Since then? Well, there's been what should be lots of things, but now I come to think of it, doesn't seem like too much to have filled a week with. See, whatever there is behind me, it's what's looming up in front of me that somehow seems to keep distracting me. On Saturday my friend gets married. We went out for our last traditional shopping odyssey last week - junk food by the river and four hours wandering the shops aimlessly afterwards. Our real lives kept intruding, though, since we've both got big events on the horizon. We were later than normal because she had to stop off to pick up her honey moon travel documents and had the world's most thorough travel agent who went through every detail of her trip in annoying completeness.

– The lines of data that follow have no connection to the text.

Theorem theorem4p4 (R : realType) (dm : measure_display) (X : measurableType dm)
  (dist : X -> X -> R) (f : X -> X)
  (hmetric : is_metric dist) (hcompact : d_compact dist)
  (hborel : @measurable dm X = <<s [set A | d_open dist A] >>)
  (hf : d_continuous dist f)
  (alpha : R) (halpha : 0 < alpha) :
  (ereal_sup [set lower_bk dist f mu alpha
               | mu in @Minv R dm X f]
   <= htop dist f alpha)%E.
Proof.
apply: ge_ereal_sup => _ [mu _ <-].
apply: lee_forall_gtEFin => c htop_lt_c.
have htop_at_lt e : 0 < e -> (htop_at dist f alpha e < c%:E)%E.
  by move=> e0; apply: le_lt_trans htop_lt_c; exact: htop_at_le_htop.
apply: lower_bk_le => //.
by rewrite -lee_fin; apply: le_trans (htop_ge0 dist f alpha) (ltW htop_lt_c).
Qed.
(* For large s the point r = b^{-1}(s) lies where B(r) = N e^{r^beta}, and since b < s to the
   left of r and b >= s to its right, s = B'(r) = N beta r^{beta-1} e^{r^beta}.  Hence
   B(b^{-1}(s)) = s r^{1-beta} / beta with r^beta = (1 + o(1)) ln s.  Putting s = l e^{tau^2/2},
   the integrand becomes (1 + o(1)) (l / beta) (tau^2/2)^{(1-beta)/beta} once tau is large and
   ln l is small compared with tau^2.  Cutting the integral at T(t) = sqrt (2 K ln t), the part
   over [0, T] is negligible and the part over [T, t] is (1 + o(1)) (l / beta) 2^{(beta-1)/beta}
   Phi(t), where Phi(t) = t^{2/beta-1} / (2/beta - 1) for beta < 2 and Phi = ln for beta = 2.
   Since the integral increases with l, comparing lambda_t with (1 +- delta) times the value
   making this equal to sqrt (2 pi) yields both limits. *)

From Stdlib Require Import Reals Lra Classical.
From Coquelicot Require Import Coquelicot.
Open Scope R_scope.

Notation at_infty := (Rbar_locally p_infty).

Lemma exp_le x y : x <= y -> exp x <= exp y.
Proof. intros [Hlt | ->]; [now apply Rlt_le, exp_increasing | apply Rle_refl]. Qed.

Lemma le_of_ln_le a b : 0 < a -> 0 < b -> ln a <= ln b -> a <= b.
Proof. intros Ha Hb H. rewrite <- (exp_ln a), <- (exp_ln b) by auto. now apply exp_le. Qed.

Lemma exists_small_factor k c : 0 < k -> 0 <= c ->
  exists eps, 0 < eps <= 1 / 4 /\ 4 * c * eps <= k.
Proof.
  intros Hk Hc. exists (Rmin (1 / 4) (k / (4 * c + 1))).
  pose proof (Rmin_l (1 / 4) (k / (4 * c + 1))). pose proof (Rmin_r (1 / 4) (k / (4 * c + 1))).
  set (eps := Rmin (1 / 4) (k / (4 * c + 1))) in *.
  assert (Hpos : 0 < eps) by (apply Rmin_glb_lt; [lra | apply Rdiv_lt_0_compat; lra]).
  assert (eps * (4 * c + 1) <= k).
  { apply Rmult_le_reg_r with (/ (4 * c + 1)); [apply Rinv_0_lt_compat; lra|].
    rewrite Rmult_assoc, Rinv_r, Rmult_1_r by lra. assumption. }
  split; [lra | nra].
Qed.

Lemma ln_le_sub1 x : 0 < x -> ln x <= x - 1.
Proof. intros Hx. pose proof (exp_ineq1_le (ln x)). rewrite exp_ln in *; lra. Qed.

Lemma ln_ratio_bound eps v y : 0 < v -> 0 < eps <= 1 / 4 ->
  (1 - eps) ^ 2 * v <= y <= (1 + eps) * v -> Rabs (ln y - ln v) <= 4 * eps.
Proof.
  intros Hv Heps Hy.
  assert (Hlow : - (2 * eps) <= ln (1 - eps)).
  { pose proof (ln_le_sub1 (/ (1 - eps)) ltac:(apply Rinv_0_lt_compat; lra)) as H.
    rewrite ln_Rinv in H by lra.
    enough (/ (1 - eps) <= 1 + 2 * eps) by lra.
    apply Rmult_le_reg_r with (1 - eps); [lra|]. rewrite Rinv_l; nra. }
  pose proof (ln_le_sub1 (1 + eps) ltac:(lra)) as Hup.
  assert (Hlo : ln ((1 - eps) ^ 2 * v) <= ln y) by (apply ln_le; [nra | lra]).
  assert (Hhi : ln y <= ln ((1 + eps) * v)) by (apply ln_le; nra).
  rewrite ln_mult in Hlo, Hhi by nra. rewrite <- Rpower_pow, ln_Rpower in Hlo by lra.
  simpl in Hlo. apply Rabs_le. lra.
Qed.

Lemma Rpower_half_square p tau : 0 < tau ->
  Rpower (tau ^ 2 / 2) p = Rpower 2 (- p) * Rpower tau (2 * p).
Proof.
  intros Htau. unfold Rpower. rewrite <- exp_plus. f_equal.
  assert (Htau2 : 0 < tau * tau) by nra.
  unfold Rdiv. simpl pow. rewrite Rmult_1_r, ln_mult, ln_Rinv, ln_mult by lra. ring.
Qed.

Lemma is_derive_Rpower_div q x : q <> 0 -> 0 < x ->
  is_derive (fun y => Rpower y q / q) x (Rpower x (q - 1)).
Proof.
  intros Hq Hx. unfold Rpower. auto_derive; [lra|].
  replace ((q - 1) * ln x) with (q * ln x + - ln x) by ring.
  rewrite exp_plus, exp_Ropp, exp_ln by lra. field. lra.
Qed.

Lemma derivable_pt_lim_squeeze (F : R -> R) r l s d0 : 0 < d0 ->
  derivable_pt_lim F r l ->
  (forall h, 0 < h < d0 -> F r - F (r - h) <= s * h) ->
  (forall h, 0 < h < d0 -> s * h <= F (r + h) - F r) -> l = s.
Proof.
  intros Hd0 HF Hleft Hright.
  assert (Hclose : forall e, 0 < e -> s - e < l < s + e).
  { intros e He. destruct (HF e He) as [[d Hd] Hq]; simpl in Hq.
    set (h := Rmin d d0 / 2).
    assert (Hh : 0 < h < d0 /\ h < d)
      by (unfold h; pose proof (Rmin_l d d0); pose proof (Rmin_r d d0);
          pose proof (Rmin_glb_lt d d0 0 Hd Hd0); lra).
    pose proof (Hq h ltac:(lra) ltac:(rewrite Rabs_right; lra)) as Qr.
    pose proof (Hq (- h) ltac:(lra) ltac:(rewrite Rabs_left; lra)) as Ql.
    apply Rabs_def2 in Qr, Ql.
    pose proof (Hleft h ltac:(lra)) as Hl. pose proof (Hright h ltac:(lra)) as Hr.
    replace (r + - h) with (r - h) in Ql by ring.
    assert (El : (F (r - h) - F r) / - h = (F r - F (r - h)) / h) by (field; lra).
    assert (Ql' : (F r - F (r - h)) / h <= s)
      by (apply Rmult_le_reg_r with h; [lra | unfold Rdiv; rewrite Rmult_assoc, Rinv_l; lra]).
    assert (Qr' : s <= (F (r + h) - F r) / h)
      by (apply Rmult_le_reg_r with h; [lra | unfold Rdiv; rewrite Rmult_assoc, Rinv_l; lra]).
    lra. }
  apply Rle_antisym; apply le_epsilon; intros e He; pose proof (Hclose e He); lra.
Qed.

Lemma is_RInt_Rpower (Phi : R -> R) e K a b : 0 < a <= b ->
  (forall x, 0 < x -> is_derive Phi x (Rpower x e)) ->
  is_RInt (fun x => K * Rpower x e) a b (K * (Phi b - Phi a)).
Proof.
  intros Hab HPhi.
  apply (is_RInt_scal (V := R_NormedModule) (fun x => Rpower x e) a b K (Phi b - Phi a)).
  apply (is_RInt_derive (V := R_CompleteNormedModule)); intros x Hx;
    rewrite Rmin_left, Rmax_right in Hx by lra.
  - apply HPhi. lra.
  - apply (ex_derive_continuous (K := R_AbsRing) (V := R_NormedModule)).
    unfold Rpower. auto_derive. lra.
Qed.

Lemma RInt_split f t T : 0 <= T <= t -> ex_RInt f 0 t ->
  ex_RInt f 0 T /\ ex_RInt f T t /\ RInt f 0 T + RInt f T t = RInt f 0 t.
Proof.
  intros HT Hf.
  assert (H1 : ex_RInt f 0 T) by (apply (ex_RInt_Chasles_1 f 0 T t); auto).
  assert (H2 : ex_RInt f T t) by (apply (ex_RInt_Chasles_2 f 0 T t); auto).
  repeat split; auto. exact (RInt_Chasles f 0 T t H1 H2).
Qed.

Lemma lt_of_ln_ge M s : 0 < s -> Rabs M + 1 <= ln s -> M < s.
Proof.
  intros Hs Hln. pose proof (exp_ineq1_le (ln s)). rewrite exp_ln in * by lra.
  pose proof (Rle_abs M). lra.
Qed.

Lemma at_infty_ge a : at_infty (fun x => a <= x).
Proof. exists a. intros; lra. Qed.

Then I actually had to break with tradition and buy useful things while we were shopping - a cardinal sin in our tradition where we normally go out shopping with good intentions and come home with bags of things that we don't need, but desperately want. From now on, it's going to be very different for the two of us (what with me living in London and all by the time she gets back from her honeymoon...).

In another stroke of pre-departure genius, I went out on Friday night and met a boy. A lovely, sweet, cute boy who goes to Canada a week after I go to London. We're in the process of trying to arrange another meet-up before I go away, in spite of the fact that it seems fairly aimless right now gien the situation. I literally just got a text message from him, so I'm kind of smiling right now. But it's typical of me. I go out week after week for months and only meet slime balls. Then, two weeks before I leave the country (and three before he does) I meet the best guy and, what's even more unusual, he seems interested in meeting up again. Now I've just got to think of a suitable reply, and find time to meet up with him! He wanted this weekend, but what with the wedding and all, I can't. Talk about bad timing...Maybe a trip to Canada is the only way to sort it out! Now there's a thought...

Meanwhile, I'm trying to get through my pre-departure list...Failing dismally but trying. Tonsilitis doesn't help my cause (hmm...possibly not the best idea to have gone out Saturday night as well? But surely the alcohol in the disturbingly large number of cocktails would have scarred away the germs? Maybe that's why I feel better now? Surely the anti-biotics couldn't have worked already?). So, it's backt o the books while I deliberate actually calling this guy to sort it out properly. Text messages are ggreat, but rather hard to deal with on this front! Meanwhile the clock ticks by. Can't decide if that's good or bad!